Juz widze jak AI nie chcący grać za RIPem zagrał bez szemrania za Allenem czy Fishem
master - Śr lis 18, 2009 5:20 pm
Osobny post jeden pod drugim, bo edytujemy i w sumie nikt nigdy nie doczyta do końca:
Ok mieli lepszą pozycję przed PO, zgoda, zagrali z HCA zgoda. Ale o co chodzi z tym słabszym Zachodem? Słabszym w porównaniu z rokiem poprzednim?

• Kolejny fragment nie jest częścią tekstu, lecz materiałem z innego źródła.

Definition temporal (imp : A -> A -> A) (nabla : A -> A) : Prop :=
  forall a b c, (a `&` nabla b <= c) <-> (b <= imp a c).

End Alg.

Inductive cond := cN | cH | cP | cF | cwF.

Definition alg_sat {d} {A : tMeetSemilatticeType d} (imp : A -> A -> A)
  (nabla : A -> A) (c : cond) : Prop :=
  match c with
  | cN => nabla \top = \top /\ (forall a b, nabla (a `&` b) = nabla a `&` nabla b)
  | cH => [/\ nabla \top = \top,
              (forall a b, nabla (a `&` b) = nabla a `&` nabla b) &
              (forall a b, nabla (imp a b) = imp (nabla a) (nabla b))]
  | cP => forall a, nabla a <= a
  | cF => forall a, a <= nabla a
  | cwF => exists z : A, (forall a, z <= a) /\ (forall a, nabla a = z -> a = z)
  end.

Definition kripke_frame (W : Type) (leW R : W -> W -> Prop) : Prop :=
  [/\ (forall u, leW u u),
      (forall u v w, leW u v -> leW v w -> leW u w),
      (forall u v, leW u v -> leW v u -> u = v) &
      (forall u v u' v', R u v -> leW u' u -> leW v v' -> R u' v')].

Definition is_upset (W : Type) (leW : W -> W -> Prop) (X : W -> Prop) : Prop :=
  forall u v, X u -> leW u v -> X v.

Definition nablaK (W : Type) (R : W -> W -> Prop) (X : W -> Prop) : W -> Prop :=
  fun v => exists u, X u /\ R u v.

Definition impK (W : Type) (R : W -> W -> Prop) (X Y : W -> Prop) : W -> Prop :=
  fun w => forall v, R w v -> X v -> Y v.

Definition frame_sat (W : Type) (leW R : W -> W -> Prop) (c : cond) : Prop :=
  match c with
  | cN => exists pi : W -> W, (forall u v, leW u v -> leW (pi u) (pi v)) /\
            (forall u v, R u v <-> leW u (pi v))
  | cH => exists pi : W -> W,
            [/\ (forall u v, leW u v <-> leW (pi u) (pi v)),
                (forall v, exists u, pi u = v) &
                (forall u v, R u v <-> leW u (pi v))]
  | cP => forall u v, R u v -> leW u v
  | cF => forall u, R u u
  | cwF => forall u, exists v, R u v
  end.

From HB Require Import structures.
From mathcomp Require Import all_boot all_order.
From mathcomp Require classical_sets.
From Stdlib Require Import Classical FunctionalExtensionality PropExtensionality ProofIrrelevance.
Import Order.TTheory.
Local Open Scope order_scope.

(* Worlds are the filters of A that are prime for every admissible join
   structure (joins are unique, and when there are none every filter is a
   world); [R p q] says that [q] is closed under modus ponens with the
   implications in [p], and [i a] is the set of worlds containing [a]. Every
   separation property is an instance of one prime filter theorem, proved by
   Zorn's lemma for ideals closed backwards along a meet- and join-compatible
   preorder [T] extending <=: [T := <=] separates [a] from [b], and
   [T x y := p (x -> y)] yields an [R]-successor of [p] refuting [a -> b].
   When nabla exists, [R p q] says that [q] contains the nabla-image of [p],
   so each condition on nabla turns into the matching condition on [R]. *)

Definition is_filter {d} {A : tMeetSemilatticeType d} (F : A -> Prop) :=
  [/\ F \top, (forall x y, F x -> F y -> F (x `&` y)) &
      (forall x y, x <= y -> F x -> F y)].

Section Joins.
Context {d : Order.disp_t} {A : tMeetSemilatticeType d}.
Variables (join : A -> A -> A) (bot : A).
Hypothesis joinsA : is_finite_joins join bot.

Lemma le_join_l a b : a <= join a b. Proof. by case: joinsA. Qed.
Lemma le_join_r a b : b <= join a b. Proof. by case: joinsA. Qed.
Lemma join_le a b c : a <= c -> b <= c -> join a b <= c.
Proof. by case: joinsA => _ _ H _; apply: H. Qed.
Lemma bot_le a : bot <= a. Proof. by case: joinsA. Qed.

Lemma join_mono a b a' b' : a <= a' -> b <= b' -> join a b <= join a' b'.
Proof.
move=> aa' bb'; apply: join_le.
  exact: le_trans aa' (le_join_l _ _).
exact: le_trans bb' (le_join_r _ _).
Qed.

Lemma meet_join_le (distrA : distributive join bot) m x y :
  join m x `&` join m y <= join m (x `&` y).
Proof.
case: distrA => distr _; rewrite distr; apply: join_le.
  exact: le_trans (leIr _ _) (le_join_l _ _).
rewrite meetC distr; apply: join_le; first exact: le_trans (leIr _ _) (le_join_l _ _).
by rewrite meetC; apply: le_join_r.
Qed.

Lemma order_iso_preserves_joins (f g : A -> A) :
  {homo f : x y / x <= y} -> {homo g : x y / x <= y} ->
  cancel f g -> cancel g f ->
  f bot <= bot /\ (forall x y, f (join x y) <= join (f x) (f y)).
Proof.
move=> fmono gmono fK gK; split.
  by rewrite -{2}(gK bot); apply: fmono; apply: bot_le.
move=> x y; rewrite -[leRHS]gK; apply: fmono.
by apply: join_le; rewrite -[leLHS]fK; apply: gmono;
  [apply: le_join_l | apply: le_join_r].
Qed.

End Joins.

Arguments le_join_l {d A join bot} joinsA a b.
Arguments le_join_r {d A join bot} joinsA a b.
Arguments join_le {d A join bot} joinsA a b c.
Arguments bot_le {d A join bot} joinsA a.
Arguments join_mono {d A join bot} joinsA a b a' b'.
Arguments meet_join_le {d A join bot} joinsA distrA m x y.
Arguments order_iso_preserves_joins {d A join bot} joinsA f g.

Lemma joins_unique {d} {A : tMeetSemilatticeType d} {join join' : A -> A -> A} {bot bot' : A} :
  is_finite_joins join bot -> is_finite_joins join' bot' ->
  (forall x y, join x y = join' x y) /\ bot = bot'.
Proof.
move=> joins joins'; split; last by apply: le_anti; rewrite (bot_le joins) (bot_le joins').
move=> x y; apply: le_anti.
by rewrite (join_le joins) ?(join_le joins') ?(le_join_l joins') ?(le_join_r joins')
  ?(le_join_l joins) ?(le_join_r joins).
Qed.

Section PrimeFilterTheorem.
Context {d : Order.disp_t} {A : tMeetSemilatticeType d}.
Variables (join : A -> A -> A) (bot : A).
Hypothesis joinsA : is_finite_joins join bot.
Hypothesis distrA : distributive join bot.

Variable T : A -> A -> Prop.
Hypothesis T_le : forall {x y}, x <= y -> T x y.
Hypothesis T_trans : forall {x y z}, T x y -> T y z -> T x z.
Hypothesis T_meet : forall {x y y'}, T x y -> T x y' -> T x (y `&` y').
Hypothesis T_join : forall {x x' y}, T x y -> T x' y -> T (join x x') y.

Variables (J : A -> Prop) (a : A).
Hypothesis J_T : forall {x y}, T x y -> J y -> J x.
Hypothesis J_join : forall {x y}, J x -> J y -> J (join x y).
Hypothesis J_bot : J bot.
Hypothesis J_a : ~ J a.

Definition separating_ideal (M : A -> Prop) :=
  [/\ forall x y, M x -> M y -> M (join x y),
      forall x y, T x y -> M y -> M x & ~ M a].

Ok sprawdziłem w poprzednim roku 9 ekip skończyło powyzej 50%, w 2008 10. To daje jedną ekipę przewagi. Czyli powiedzmy, ze masz teoretycznie rację
Choć z drugiej strony zastanawiam się jak argument o tym, ze Nuggs byli lepszym zespołem niz w roiku poprzednim chcesz obrócić przeciw nim? Ok wygrali tylko 4 mecze w RS więcej, przy czym jak juz mamy sie czepiać 3 porażki zanotowali z AI w składzie. Kto wie czy nie wygraliby powiedzmy o 7 więcej
Drugie- HCA. Jaki to argument przeciw Nuggs a za AI. Gdyby byli odpowiednio dobrym zespołem z Ai też by wypracowali HCA w dwóch poprzednich sezonach
A moze w NBA zespołom walczącym o tytuł zalezy na wygraniu jak najwiecej zeby mieć HCA, bo to atut a nie argument przeciw nim?

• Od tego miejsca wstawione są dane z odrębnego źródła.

(* A directed multigraph: finite vertex type V, finite edge type E, each edge
   e has tail tl e and head hd e (self-loops and parallel edges allowed).
   The reversed graph is obtained by swapping tl and hd. *)

Section Graph.
Variables (V E : finType) (tl hd : E -> V).

Definition inducedE (X : {set V}) : {set E} :=
  [set e | (tl e \in X) && (hd e \in X)].

(* deg_{G[X]}(v): incident edges of G[X], a self-loop counting twice. *)
Definition deg_in (X : {set V}) (v : V) : nat :=
  #|[set e in inducedE X | tl e == v]| + #|[set e in inducedE X | hd e == v]|.

Definition vol_in (X S : {set V}) : nat := \sum_(v in S) deg_in X v.

Definition cutE (X A B : {set V}) : {set E} :=
  [set e in inducedE X | (tl e \in A) && (hd e \in B)].

Definition out_sparse (R : realType) (phi : R) (X S : {set V}) : Prop :=
  [/\ S \subset X,
      (vol_in X S <= vol_in X (X :\: S))%N
    & (#|cutE X S (X :\: S)|%:R < phi * (vol_in X S)%:R)].

End Graph.

Definition expander (R : realType) (V E : finType) (tl hd : E -> V)
    (phi : R) (X : {set V}) : Prop :=
  forall S : {set V}, S \subset X ->
    ~ out_sparse tl hd phi X S /\ ~ out_sparse hd tl phi X S.

(* State of the procedure: (the family \mathcal{X}, E_Rest). *)
Definition state (V E : finType) := ({set {set V}} * {set E})%type.

Definition step (R : realType) (V E : finType) (tl hd : E -> V) (phi : R)
    (s s' : state V E) : Prop :=
  exists (X S : {set V}),
    [/\ X \in s.1,
        out_sparse tl hd phi X S \/ out_sparse hd tl phi X S,
        s'.1 = (s.1 :\ X) :|: [set S; X :\: S]
      & (let F1 := cutE tl hd X S (X :\: S) in
         let F2 := cutE tl hd X (X :\: S) S in
         (#|F1| <= #|F2|)%N /\ s'.2 = s.2 :|: F1
         \/ (#|F2| <= #|F1|)%N /\ s'.2 = s.2 :|: F2)].

(* run s0 [:: s1; ...; sk]: s0 -> s1 -> ... -> sk are k successive iterations. *)
Fixpoint run (R : realType) (V E : finType) (tl hd : E -> V) (phi : R)
    (s0 : state V E) (l : seq (state V E)) : Prop :=
  match l with
  | [::] => True
  | s1 :: l' => step tl hd phi s0 s1 /\ run tl hd phi s1 l'
  end.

Sorry lorak, ale nie kupuje tego, ze chcesz tak to wytłumaczyć.
Dla mnie jasnym jest ze Denver z Ai nie grało tak dobrze ułozonego basketu i tak nie potrafiło konczyc spotkan jak to robi teraz. I czy mają HCA czy nie nic tu nie zmienia. AI nie potrafił przez 2 lata tego zespołu pociagnąć w górę, a zespoł awansował po jego odejściu.
To jest niezbity fakt. Nuggets zagrali w WCF, gdzie stoczyli naprawde dobrą walke i postawili trudne warunki późniejszym mistrzom.

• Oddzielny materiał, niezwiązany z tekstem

Lemma expm_difference_remainder_le s E F : 0 <= s -> INR n * (s * m) <= 1 ->
  is_expm n (mscal (0, - s) A) E -> is_expm n (mscal (0, - s) B) F ->
  forall i j, (i < n)%nat -> (j < n)%nat ->
  Cnorm1 (msub (msub E F) (mscal (0, - s) (msub A B)) i j) <= 4 * (INR n * (s * m)) ^ 2.
Proof.
  intros Hs Hnsm HE HF i j Hi Hj.
  assert (HsA := mscal_Cnorm1_le (0, - s) A m n HAm). assert (HsB := mscal_Cnorm1_le (0, - s) B m n HBm).
  rewrite Cnorm1_neg_i in HsA, HsB by exact Hs.
  assert (Hsm : 0 <= s * m) by (apply Rmult_le_pos; assumption).
  pose proof (expm_sub_linear_le n _ E (s * m) i j Hsm Hnsm HsA HE Hi Hj).
  pose proof (expm_sub_linear_le n _ F (s * m) i j Hsm Hnsm HsB HF Hi Hj).
  assert (Hsplit : msub (msub E F) (mscal (0, - s) (msub A B)) i j
    = Cadd (msub E (madd mid (mscal (0, - s) A)) i j)
           (Copp (msub F (madd mid (mscal (0, - s) B)) i j))).
  { unfold msub, madd, mscal, Cadd, Copp, Cmul; simpl. f_equal; ring. }
  rewrite Hsplit. eapply Rle_trans; [apply Cnorm1_add|]. rewrite Cnorm1_opp. lra.
Qed.

Definition remainder_const : R := INR n * (8 * INR n ^ 3 * m ^ 2) ^ 2.

Lemma sq_norm_le_small_time v s : vnorm n v <= 1 -> 0 < s <= 1 -> INR n * (s * m) <= 1 ->
  0 <= gamma s /\
  vnorm2 n (mvapply n (msub A B) v) <= (1 + s) * gamma s ^ 2 + s * (2 * remainder_const).
Proof.
  intros Hv [Hs0 Hs1] Hnsm. set (c := (0, - s)).
  destruct (expm_exists n (mscal c A)) as [E HE]. destruct (expm_exists n (mscal c B)) as [F HF].
  destruct (opnorm_exists n (msub E F)) as [r Hr].
  set (D := msub A B). set (Y := msub (msub E F) (mscal c D)).
  assert (HEFv : vnorm n (mvapply n (msub E F) v) <= r) by (apply (proj1 Hr); exists v; auto).
  assert (Hr_le : r <= s * gamma s) by (apply (hbound s ltac:(lra) E F HE HF r Hr)).
  assert (HEF0 : 0 <= vnorm n (mvapply n (msub E F) v)) by apply sqrt_pos.
  assert (Hgamma : 0 <= gamma s) by nra.
  split; [exact Hgamma|].
  assert (HEF2 : vnorm2 n (mvapply n (msub E F) v) <= (s * gamma s) ^ 2).
  { rewrite <- vnorm_sq. nra. }
  assert (HY2 : vnorm2 n (mvapply n Y v) <= s ^ 4 * remainder_const).
  { eapply Rle_trans.
    - apply (vnorm2_mvapply_le n Y (4 * (INR n * (s * m)) ^ 2) v); [|exact Hv].
      apply expm_difference_remainder_le; auto; lra.
    - right. unfold remainder_const. ring. }
  assert (Hdec : vnorm2 n (mvapply n (msub E F) v)
    = vnorm2 n (fun i => Cadd (Cmul c (mvapply n D v i)) (mvapply n Y v i))).
  { apply rsum_ext. intros i _. rewrite <- mvapply_mscal, <- mvapply_madd.
    f_equal. apply mvapply_ext. intros j _. unfold Y, madd, msub, Cadd, Copp.
    destruct (mscal c D i j), (E i j), (F i j). simpl. f_equal; ring. }
  pose proof (vnorm2_weighted n s (fun i => Cmul c (mvapply n D v i)) (mvapply n Y v) ltac:(lra))
    as Hweighted.
  cbv beta in Hweighted. rewrite <- Hdec, vnorm2_Cmul in Hweighted.
  replace (Cabs2 c) with (s ^ 2) in Hweighted by (unfold c, Cabs2; simpl; ring).
  pose proof (vnorm2_ge0 n (mvapply n D v)). pose proof (pow2_ge_0 (gamma s)).
  assert (HC : 0 <= remainder_const)
    by (unfold remainder_const; apply Rmult_le_pos; [apply pos_INR | apply pow2_ge_0]).
  apply Rmult_le_reg_l with (s ^ 3); [apply pow_lt; lra|].
  assert (0 <= s ^ 4 * remainder_const) by (apply Rmult_le_pos; [apply pow_le; lra | exact HC]).
  nra.
Qed.

End SmallTime.

Lemma Rmult_le_1_of_le_Rinv s a : 0 < a -> s <= / a -> s * a <= 1.
Proof. intros Ha Hs. apply (Rmult_le_compat_r a) in Hs; [|lra]. rewrite Rinv_l in Hs by lra. exact Hs. Qed.

Lemma small_time_estimate n A B gamma
  (hbound : forall t, 0 <= t ->
     forall E F : Mat,
       is_expm n (mscal (0, - t) A) E ->
       is_expm n (mscal (0, - t) B) F ->
       forall r, is_opnorm n (msub E F) r -> r <= t * gamma t)
  v : vnorm n v <= 1 ->
  exists K s0, 0 < s0 /\ forall s, 0 < s <= s0 ->
    0 <= gamma s /\ vnorm2 n (mvapply n (msub A B) v) <= (1 + s) * gamma s ^ 2 + s * K.
Proof.
  intros Hv.
  destruct (mat_entry_bound n A) as [mA [HmA HA]]. destruct (mat_entry_bound n B) as [mB [HmB HB]].
  set (m := mA + mB).
  assert (Hnm : 0 <= INR n * m) by (apply Rmult_le_pos; [apply pos_INR | unfold m; lra]).
  exists (2 * remainder_const n m), (Rmin 1 (/ (INR n * m + 1))). split.
  - apply Rmin_glb_lt; [lra | apply Rinv_0_lt_compat; lra].
  - intros s [Hs0 Hs].
    assert (Hs1 : s <= 1) by (eapply Rle_trans; [exact Hs | apply Rmin_l]).
    assert (Hsnm : s * (INR n * m + 1) <= 1)
      by (apply Rmult_le_1_of_le_Rinv; [lra | eapply Rle_trans; [exact Hs | apply Rmin_r]]).
    apply (sq_norm_le_small_time n A B gamma m); try assumption; try lra.
    + unfold m; lra.
    + intros i j Hi Hj. pose proof (HA i j Hi Hj). unfold m; lra.
    + intros i j Hi Hj. pose proof (HB i j Hi Hj). unfold m; lra.
Qed.

Lemma le_at_0_of_sq_le (g : R -> R) (x K s0 : R) : continuous_on_nonneg g -> 0 < s0 ->
  (forall s, 0 < s <= s0 -> 0 <= g s /\ x ^ 2 <= (1 + s) * g s ^ 2 + s * K) -> x <= g 0.
Proof.
  intros hcont Hs0 Hx. apply Rle_plus_epsilon. intros eps Heps.
  destruct (hcont 0 (Rle_refl 0) (eps / 2)) as [delta [Hdelta Hnear]]; [lra|].
  set (y := g 0 + eps / 2). set (L := 4 * (y ^ 2 + Rabs K + 1) / eps ^ 2).
  assert (HL : 0 < L).
  { unfold L. pose proof (pow2_ge_0 y). pose proof (Rabs_pos K).
    apply Rdiv_lt_0_compat; [lra | apply pow_lt; lra]. }
  set (s := Rmin (Rmin s0 (delta / 2)) (/ L)).
  assert (Hs : 0 < s) by (apply Rmin_glb_lt; [apply Rmin_glb_lt|apply Rinv_0_lt_compat]; lra).
  assert (Hs_s0 : s <= s0) by (eapply Rle_trans; [apply Rmin_l | apply Rmin_l]).
  assert (Hs_delta : s <= delta / 2) by (eapply Rle_trans; [apply Rmin_l | apply Rmin_r]).
  assert (HsL : s * L <= 1) by (apply Rmult_le_1_of_le_Rinv; [exact HL | apply Rmin_r]).
  assert (Hs_eps : s * (4 * (y ^ 2 + Rabs K + 1)) <= eps ^ 2).
  { unfold L, Rdiv in HsL. pose proof (pow_lt eps 2 Heps).
    apply (Rmult_le_compat_r (eps ^ 2)) in HsL; [|lra].
    rewrite !Rmult_assoc, Rinv_l in HsL by lra. lra. }
  destruct (Hx s (conj Hs Hs_s0)) as [Hgs Hxs].
  assert (Hgy : g s <= y).
  { assert (Hclose := Hnear s ltac:(lra) ltac:(rewrite Rminus_0_r, Rabs_pos_eq; lra)).
    apply Rabs_def2 in Hclose. unfold y. lra. }
  assert (Hy : 0 <= y) by lra.
  assert (Hgs2 : g s ^ 2 <= y ^ 2) by (apply pow_incr; lra).
  assert (Hx2 : x ^ 2 <= (y + eps / 2) ^ 2).
  { pose proof (Rle_abs K). pose proof (Rabs_pos K). nra. }
  destruct (Rle_or_lt x (y + eps / 2)) as [Hle | Hlt]; [unfold y in Hle; lra | nra].
Qed.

Mozna grać w Po i tylko w nich grać, jak to robili Nuggs z AI lub grać w Po i zrobic na wszystkich wrażenie jak to zrobili Nuggs bez AI
1-4 i 0-4 w pierwszej rundzie nijak sie pod względem stylu ma do 2-4 z Lakers WCF
tamte mecze dla SAS i LAl to były spacerki, a tutaj widzieliśmy zaciętą fizyczną serię
Rok wczesniej finalista LAL zmiótł Nuggs, gdzie najmniejsza róznica wyniosła 6 pts, reszta to pogromy
W tych PO Lakers wygrali róznicą:2, 6, 9 i tylko raz zdominowali mecz, przy czym też raz dostali ostro po dupie.
Co tu sie ma siła Zachodu do tych serii? Czy LAL'08 byli lepszym zespołem od LAL'09? Jesli tak to dlaczego polegli w Finale'08, a wygrali 2009?
A moze po prostu Lakers 2008 wygrali z niezłym zespołem Nuggets w pierwszej rundzie w 2008, jak również lepsi Lakers wygrali z duzo lepszym Nuggets w 2009?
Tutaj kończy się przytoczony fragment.